Only 36 percent of employees who work rotating shifts say they have a shift pattern that rotates forward (morning, afternoon, night), the least hazardous shift pattern for employee health. But our survey shows that shift work costs employees much more than sleep. It also costs them their hard-earned money — about $1,100 each year.
Our survey found canceled shifts and last-minute schedule changes cost shift workers an average $92 per month in lost income and additional expenses (including travel costs, childcare, and missed payments). That adds up to about 7 percent of a minimum wage worker’s annual salary.
Last-minute shift changes are common — should employees be compensated?
Over half of shift workers (about 60 percent) say they’ve had a shift canceled at the last minute. About 40 percent of them were notified of the canceled shift the night before. The other 48 percent were notified either on their way to work or after they arrived.
However, these workers have one thing in common: Over 95 percent believe they’re entitled to compensation for canceled shifts. And here’s why:
Nearly 1 in 6 employees admits to missing an important payment due to a canceled shift (and losing six to eight hours, or more, of income). Another 1 in 4 says they’ve wasted time and money commuting to work for a canceled shift or paid for unnecessary childcare.

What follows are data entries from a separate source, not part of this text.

(* Let $n\geqslant 2$. The set $\{x_1,x_2,\ldots,x_n\}$ generates the monoid $\mathcal{AO}_n$.
   Context: Let $\Omega_n=\{1<2<\cdots<n\}$ and $\mathcal{I}_n$ the monoid of all partial injective maps of $\Omega_n$, composed left to right. $\mathcal{AI}_n$ is the set of all $\alpha\in\mathcal{I}_n$ with $\alpha=\sigma|_{\mathrm{Dom}(\alpha)}$ for some even permutation $\sigma$; $\mathcal{POI}_n$ is the set of order-preserving elements and $\mathcal{AO}_n=\mathcal{AI}_n\cap\mathcal{POI}_n$. Let $X_i=\Omega_n\setminus\{i\}$. For subsets $A,B$ with $|A|=|B|$ there is a unique order-preserving partial permutation with domain $A$ and image $B$. Define $x_1,\dots,x_n$ as the order-preserving partial permutations with: $x_1$: domain $X_1$, image $X_n$ if $n$ is odd and image $X_{n-1}$ if $n$ is even; $x_2$: domain $X_2$, image $X_{n-1}$ if $n$ is odd and image $X_n$ if $n$ is even; $x_i$ ($3\leqslant i\leqslant n$): domain $X_i$, image $X_{i-2}$. *)

From mathcomp Require Import all_boot all_order all_fingroup.
Set Implicit Arguments. Unset Strict Implicit. Unset Printing Implicit Defensive.

(* Omega_n = {1 < ... < n} is modelled by 'I_n: the ordinal k stands for k+1. *)

Definition pinjmap (n : nat) := {ffun 'I_n -> option 'I_n}.

Definition dom n (f : pinjmap n) : {set 'I_n} := [set x | f x != None].

Definition pinj n (f : pinjmap n) : Prop :=
  forall x y : 'I_n, f x != None -> f x = f y -> x = y.

Definition In_ n (f : pinjmap n) : Prop := pinj f.

(* composition left to right: (f g) x = g (f x) *)
Definition pcomp n (f g : pinjmap n) : pinjmap n := [ffun x => obind g (f x)].
Definition pid n : pinjmap n := [ffun x => Some x].

Definition AI n (f : pinjmap n) : Prop :=
  In_ f /\ exists s : 'S_n, ~~ odd_perm s /\ forall x, x \in dom f -> f x = Some (s x).

Definition POI n (f : pinjmap n) : Prop :=
  In_ f /\ forall x y : 'I_n, forall fx fy : 'I_n,
    f x = Some fx -> f y = Some fy -> x <= y -> fx <= fy.

Definition AO n (f : pinjmap n) : Prop := AI f /\ POI f.

Definition Xset n (k : nat) : {set 'I_n} := [set x : 'I_n | x.+1 != k].

(* the order-preserving partial permutation with domain A and image B
   (for |A| = |B|): the j-th smallest element of A goes to the j-th
   smallest element of B (enum of a set of ordinals is increasing). *)
Definition opp n (A B : {set 'I_n}) : pinjmap n :=
  [ffun x => if x \in A then Some (nth x (enum B) (index x (enum A))) else None].

Definition gen_target (n i : nat) : nat :=
  if i == 1 then (if odd n then n else n - 1)
  else if i == 2 then (if odd n then n - 1 else n)
  else i - 2.

Definition gen n (i : nat) : pinjmap n := opp (Xset n i) (Xset n (gen_target n i)).

Definition word_prod n (s : seq nat) : pinjmap n :=
  foldl (@pcomp n) (pid n) [seq gen n i | i <- s].

Arguments word_prod : clear implicits.
Arguments gen : clear implicits.
Arguments pid : clear implicits.

From mathcomp Require Import all_boot all_order all_fingroup zify.
Set Implicit Arguments. Unset Strict Implicit. Unset Printing Implicit Defensive.

(* An order-preserving partial injection is determined by its domain and image.
   With 0-based indices, each generator is the order-preserving bijection from
   X_(a+1) onto X_(b+1) for some a, b with a + b even, and these bijections
   compose to all such ones.  An element of AO_n of defect one is such a
   bijection, and its only extension to a permutation is a cycle of parity
   a + b, so a + b must be even.  For defect at least two, restricting these
   bijections slides the domain (or the image) downwards; descending on the
   total weight, any two sets of equal size with two holes are joined by a
   product of generators, the second hole giving the needed freedom of parity. *)

Lemma eq_perm_but1 (T : finType) (s t : {perm T}) a :
  (forall x, x != a -> s x = t x) -> s = t.
Proof.
move=> st; apply/permP => x; case: (eqVneq x a) => [->|]; last exact: st.
set z := (s^-1)%g (t a); have sz : s z = t a by rewrite permKV.
case: (z =P a) => [za|/eqP za]; first by rewrite -{1}za sz.
by have zEa := perm_inj (etrans (esym (st z za)) sz); rewrite zEa eqxx in za.
Qed.

Section PartialInjections.
Variable n : nat.
Implicit Types (f g h : pinjmap n) (A B : {set 'I_n}) (a b c x y : 'I_n).

Definition img f : {set 'I_n} := [set y | [exists x, f x == Some y]].

Lemma imgP f y : reflect (exists x, f x = Some y) (y \in img f).
Proof.
rewrite inE; apply: (iffP existsP) => [[x /eqP]|[x fx]]; exists x => //.
by rewrite fx.
Qed.

Lemma domP f x : reflect (exists y, f x = Some y) (x \in dom f).
Proof. by rewrite inE; case: (f x) => [y|]; constructor; [exists y | case]. Qed.

Lemma pcompA f g h : pcomp f (pcomp g h) = pcomp (pcomp f g) h.
Proof. by apply/ffunP => x; rewrite !ffunE; case: (f x) => //= y; rewrite ffunE. Qed.

Lemma pcompf1 f : pcomp f (pid n) = f.
Proof. by apply/ffunP => x; rewrite !ffunE; case: (f x) => //= y; rewrite ffunE. Qed.

Lemma pcomp1f f : pcomp (pid n) f = f.
Proof. by apply/ffunP => x; rewrite !ffunE. Qed.

Lemma dom_pcomp f g : img f \subset dom g -> dom (pcomp f g) = dom f.
Proof.
move=> /subsetP fg; apply/setP => x; rewrite !inE ffunE.
case fx: (f x) => [y|] //=.
by have /domP[z ->] : y \in dom g by apply: fg; apply/imgP; exists x.
Qed.

Lemma img_pcomp f g : dom g \subset img f -> img (pcomp f g) = img g.
Proof.
move=> /subsetP gf; apply/setP => z; apply/imgP/imgP => [[x]|[y gy]].
  by rewrite ffunE; case: (f x) => //= y gy; exists y.
have /imgP[x fx] : y \in img f by apply: gf; apply/domP; exists z.
by exists x; rewrite ffunE fx.
Qed.

Lemma pinj_pcomp f g : pinj f -> pinj g -> pinj (pcomp f g).
Proof.
move=> injf injg x y; rewrite !ffunE.
case fx: (f x) => [u|] //; case fy: (f y) => [v|] /= gu guv; last by rewrite guv in gu.
by apply: injf; rewrite fx // fy (injg _ _ gu guv).
Qed.

Lemma POI_pcomp f g : POI f -> POI g -> POI (pcomp f g).
Proof.
move=> [injf monof] [injg monog]; split; first exact: pinj_pcomp.
move=> x y fx' fy'; rewrite !ffunE.
case fx: (f x) => [u|] //=; case fy: (f y) => [v|] //= gu gv xy.
exact: monog gu gv (monof _ _ _ _ fx fy xy).
Qed.

Lemma AI_pcomp f g : AI f -> AI g -> AI (pcomp f g).
Proof.
move=> [injf [s [evs fs]]] [injg [t [evt gt]]]; split; first exact: pinj_pcomp.
exists (s * t)%g; split; first by rewrite odd_permM (negbTE evs) (negbTE evt).
move=> x /domP[w]; rewrite !ffunE permM; case fx: (f x) => [u|] //= gu.
have [<-] : Some u = Some (s x) by rewrite -fx fs //; apply/domP; exists u.
by apply: gt; apply/domP; exists w.
Qed.

Lemma AO_pcomp f g : AO f -> AO g -> AO (pcomp f g).
Proof. by move=> [AIf POIf] [AIg POIg]; split; [apply: AI_pcomp | apply: POI_pcomp]. Qed.

Lemma AO_pid : AO (pid n).
Proof.
have injid : pinj (pid n) by move=> x y; rewrite !ffunE => _ [].
split; split => //.
  by exists 1%g; split => [|x _]; rewrite ?odd_perm1 // ffunE perm1.
by move=> x y fx fy; rewrite !ffunE => -[<-] [<-].
Qed.

(** * Uniqueness of order-preserving maps *)

Definition rank_in A y := #|[set z in A | z < y]|.

Lemma rank_in_inj A : {in A &, injective (rank_in A)}.
Proof.
suff lt_rank y1 y2 : y1 \in A -> y1 < y2 -> rank_in A y1 < rank_in A y2.
  move=> y1 y2 A1 A2 eq12; apply: val_inj; case: (ltngtP y1 y2) => // lt.
    by have := lt_rank _ _ A1 lt; rewrite eq12 ltnn.
  by have := lt_rank _ _ A2 lt; rewrite eq12 ltnn.
move=> A1 lt12; apply: proper_card; apply/properP; split.
  by apply/subsetP => z; rewrite !inE => /andP[-> /ltn_trans]; apply.
by exists y1; rewrite !inE ?A1 ?lt12 ?ltnn.
Qed.

Lemma img_imset f : img f = [set odflt x (f x) | x in dom f].
Proof.
apply/setP => y; apply/imgP/imsetP => [[x fx]|[x /domP[u fx] ->]].
  by exists x; [apply/domP; exists y | rewrite fx].
by exists x; rewrite fx.
Qed.

Lemma pinj_odflt f : pinj f -> {in dom f &, injective (fun x => odflt x (f x))}.
Proof.
move=> injf x y /domP[u fx] /domP[v fy] /=.
by rewrite fx fy /= => uv; apply: injf; rewrite fx // fy uv.
Qed.

Lemma card_img f : pinj f -> #|img f| = #|dom f|.
Proof. by move=> injf; rewrite img_imset card_in_imset //; apply: pinj_odflt. Qed.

On the flip side, 20 percent of employees have had to shell out for last-minute childcare after being called into work at the last minute. And yet, less than 37 percent of employees are compensated for their time when their schedules are changed. Those who are compensated for their canceled shifts are paid just $22 per shift, on average.
Only 50% of shift workers get their schedule two weeks in advance
Only 45 percent of employees say they get enough notice for their schedules from their employer. Twelve percent say they rarely get enough notice, and 5 percent admit they never get the notice they need to plan their week.
And it comes as no surprise. According to our research, only 1 in 2 employees gets their schedules two weeks in advance. Another 1 in 4 receives their schedules one week out, and 8 percent get just one day’s notice or less.